Morphology and Biology
It has been possible to define two simple morpholigical types of AM fungi, the Arum-type and the Paris-type. These types were considered after the plants in which they were first described Arum maculatum and Paris quadrifoli, respectively. In the Arum-type, fungi form intercellular hyphae between the cortical cells and intracellular arbuscules within them. The Paris-type is characterized by extensive intracellular hyphal coils and arbusculate coils in the root cortex. Studies of different fungal and plant combinations suggest that AM morphological type is largely dependent on the plant species and also influenced by the fungal identity (Cavagnaro et al., 2001). Smith and Smith (1997) concluded that 41 families formed the Paris-type, 30 families form the Arum-type and 21 families form an intermediate morphology or have members with both Paris- and Arum-type.

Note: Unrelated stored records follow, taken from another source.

(* Let $G$ be a group and $\mathcal{L}$ a first-order language. Let $\mathfrak{C}$ be one of the following four categories: $\mathfrak{M}_G$ (G-structures with $G$-equivariant morphisms), $\mathfrak{M}_G^{\leq}$ (G-structures with $G$-equivariant embeddings), $\mathfrak{M}_G^{\prec}$ (G-structures with $G$-equivariant elementary embeddings), $\mathfrak{M}_G^{\geq}$ (G-structures with $G$-equivariant submersions). Then $\mathfrak{C}$ is closed under colimits of directed systems: for every directed system $\{\mathcal{M}_i, \rho_{ki}\}_{i,k\in\mathcal{D}}$ of G-structures whose transition maps $\rho_{ki}$ are arrows of $\mathfrak{C}$, the colimit structure $\mathcal{M}=\operatorname{coLim}_{i\in\mathcal{D}}\mathcal{M}_i$ carries a well-defined action of $G$ given by $g[x]=[gx]$ (for $x\in M_i$), with which $\mathcal{M}$ is a G-structure and each canonical quotient map $q_i:\mathcal{M}_i\to\mathcal{M}$, $x\mapsto[x]$, is a $G$-equivariant morphism.
   Context: A language is $\mathcal{L}=(\mathcal{F},\mathcal{R},\mathcal{C})$ with function, relation and constant symbols, each function/relation symbol having a positive arity. An $\mathcal{L}$-structure $\mathcal{M}$ has a nonempty universe $M$ and interpretations $f^{\mathcal{M}}:M^{n_f}\to M$, $R^{\mathcal{M}}\subset M^{n_R}$, $c^{\mathcal{M}}\in M$. A morphism $\alpha:\mathcal{M}\to\mathcal{N}$ is a map $M\to N$ with $\alpha(f^{\mathcal{M}}(\mathbf a))=f^{\mathcal{N}}(\alpha(\mathbf a))$, $\alpha(R^{\mathcal{M}})\subset R^{\mathcal{N}}$, $\alpha(c^{\mathcal{M}})=c^{\mathcal{N}}$. It is saturated if $\alpha^{-1}(R^{\mathcal{N}})\subset R^{\mathcal{M}}$ for all $R$; an embedding (resp. submersion) is an injective (resp. surjective) saturated morphism; an elementary embedding is an embedding with $\mathcal{M}\models\varphi(\mathbf a)\iff\mathcal{N}\models\varphi(\alpha(\mathbf a))$ for all formulas $\varphi$ and tuples $\mathbf a$. Given a group $G$, a G-structure is an $\mathcal{L}$-structure $\mathcal{M}$ together with an action of $G$ on $M$ such that: the set $\{c^{\mathcal{M}}:c\in\mathcal{C}\}$ is $G$-invariant; for each $R\in\mathcal{R}$, if $(x_1,\dots,x_{n})\in R^{\mathcal{M}}$ and $g_1,\dots,g_n\in G$ then $(g_1x_1,\dots,g_nx_n)\in R^{\mathcal{M}}$; and for each $f\in\mathcal{F}$ of arity $n$, $f^{\mathcal{M}}(gx_1,\dots,gx_n)=g f^{\mathcal{M}}(x_1,\dots,x_n)$. Directed system and colimit: $(\mathcal{D},\leq)$ is a poset such that any $i,j$ have some $k\leq i,j$; for $k\leq i$ there are morphisms $\rho_{ki}:\mathcal{M}_i\to\mathcal{M}_k$ with $\rho_{ii}=\mathrm{id}$ and $\rho_{lk}\rho_{ki}=\rho_{li}$. The colimit $\mathcal{M}$ has universe $\bigsqcup_i M_i/\sim$, where for $x\in M_i,y\in M_j$, $x\sim y$ iff there is $k\leq i,j$ with $\rho_{ki}(x)=\rho_{kj}(y)$; $[x]$ denotes the class (germ) of $x$, and germs of tuples are defined likewise. Interpretations: $f^{\mathcal{M}}([\mathbf x])=[f^{\mathcal{M}_i}(\mathbf x)]$ for $\mathbf x\in M_i^{n_f}$; $R^{\mathcal{M}}=\{[\mathbf x]:\mathbf x\in R^{\mathcal{M}_i}\text{ for some } i\}$; $c^{\mathcal{M}}=[c^{\mathcal{M}_i}]$ for any $i$. *)

From mathcomp Require Import all_boot.
From Stdlib Require Import ClassicalEpsilon.

Set Implicit Arguments.
Unset Strict Implicit.
Unset Printing Implicit Defensive.

Record language := Language {
  Fsym : Type;
  Rsym : Type;
  Csym : Type;
  farity : Fsym -> nat;
  rarity : Rsym -> nat;
  farity_pos : forall f, 0 < farity f;
  rarity_pos : forall r, 0 < rarity r
}.

Record structure (L : language) := Structure {
  univ : Type;
  univ_ne : inhabited univ;
  finterp : forall f : Fsym L, ('I_(farity f) -> univ) -> univ;
  rinterp : forall r : Rsym L, ('I_(rarity r) -> univ) -> Prop;
  cinterp : Csym L -> univ
}.

Arguments finterp {L} s f xs.
Arguments rinterp {L} s r xs.
Arguments cinterp {L} s c.

Section Morphisms.
Variable L : language.
Implicit Types M N : structure L.

Definition is_morphism M N (a : univ M -> univ N) : Prop :=
  (forall f xs, a (finterp M f xs) = finterp N f (fun j => a (xs j))) /\
  (forall r xs, rinterp M r xs -> rinterp N r (fun j => a (xs j))) /\
  (forall c, a (cinterp M c) = cinterp N c).

Definition is_saturated M N (a : univ M -> univ N) : Prop :=
  forall r xs, rinterp N r (fun j => a (xs j)) -> rinterp M r xs.

Definition is_embedding M N (a : univ M -> univ N) : Prop :=
  [/\ is_morphism a, is_saturated a & forall x y, a x = a y -> x = y].

Definition is_submersion M N (a : univ M -> univ N) : Prop :=
  [/\ is_morphism a, is_saturated a & forall y, exists x, a x = y].

Inductive term : Type :=
  | TVar : nat -> term
  | TCst : Csym L -> term
  | TApp : forall f : Fsym L, ('I_(farity f) -> term) -> term.

Inductive formula : Type :=
  | FFalse : formula
  | FEq : term -> term -> formula
  | FRel : forall r : Rsym L, ('I_(rarity r) -> term) -> formula
  | FNeg : formula -> formula
  | FAnd : formula -> formula -> formula
  | FEx : nat -> formula -> formula.

Fixpoint teval M (v : nat -> univ M) (t : term) : univ M :=
  match t with
  | TVar n => v n
  | TCst c => cinterp M c
  | TApp f ts => finterp M f (fun j => teval v (ts j))
  end.

Definition upd M (v : nat -> univ M) (n : nat) (a : univ M) : nat -> univ M :=
  fun m => if m == n then a else v m.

The hyphal network of Arum-type and the Paris-type is usually coenocytic (Multiple nuclei inside the same cell), and aseptate (not containing septae) and with hundreds of nuclei into same cytoplasm. Also individual spores contain hundreds of nuclei. As an obligate biotroph, AM fungi depend on a living photoautotrophic organism to complete their life cycle; however their spores can germinate in absence of host plants (Parniske, 2008). The fungus hyphal growth starts with the spore germination, subsequently the root surface and cortex are penetrated and colonized by the appressoria. Then the hyphae penetrate the cell walls and develop within the cortex cells tree-like structures, called arbuscules, by repeated dichotomous branching. The most important feature of AMs is the arbuscule, responsible for nutrient exchange (Strack et al., 2003). Each fungal branch within a plant cell (Figure 2) is surrounded by a plant-derived periarbuscular membrane (PAM). The apoplastic interface between the fungal plasma membrane and the plant-derived PAM is called the periarbuscular space (PAS) (Parniske, 2008).
Figure 2. Schematic drawing of an arbuscule, the symbiotic structure and AM (Parniske, 2008).
Development and Ecology
During the germination of the spores and the hyphae growth the stimulatory effect of plant root exudates plays a key role. The strogolactones are kind of phytohormones that are responsible for the spore germination and hyphae branching. The strilogactone perception by the fungus induces the presymbiotic stage, which is characterized by continued hyphal growth, high physiological activity and the hyphae branching. Then fungi produce mycorrhiza factors that induce changes in the calcium concentration in the epidermal root cells and activate plant symbiosis-related genes. AMF form special types of appressoria (developed from mature hyphae) that reaches the plant roots. Plant cells produce a prepenatration apparatus (PPA) and subsequently fungal hyphae enters the PPA, which guides the fungus until it reaches the cortex. Then the fungus leaves the plant cells and reaches the apoplast, where it branches and grows along the root axis. Finally new spores are typically synthesized outside the plant root (Parniske, 2008).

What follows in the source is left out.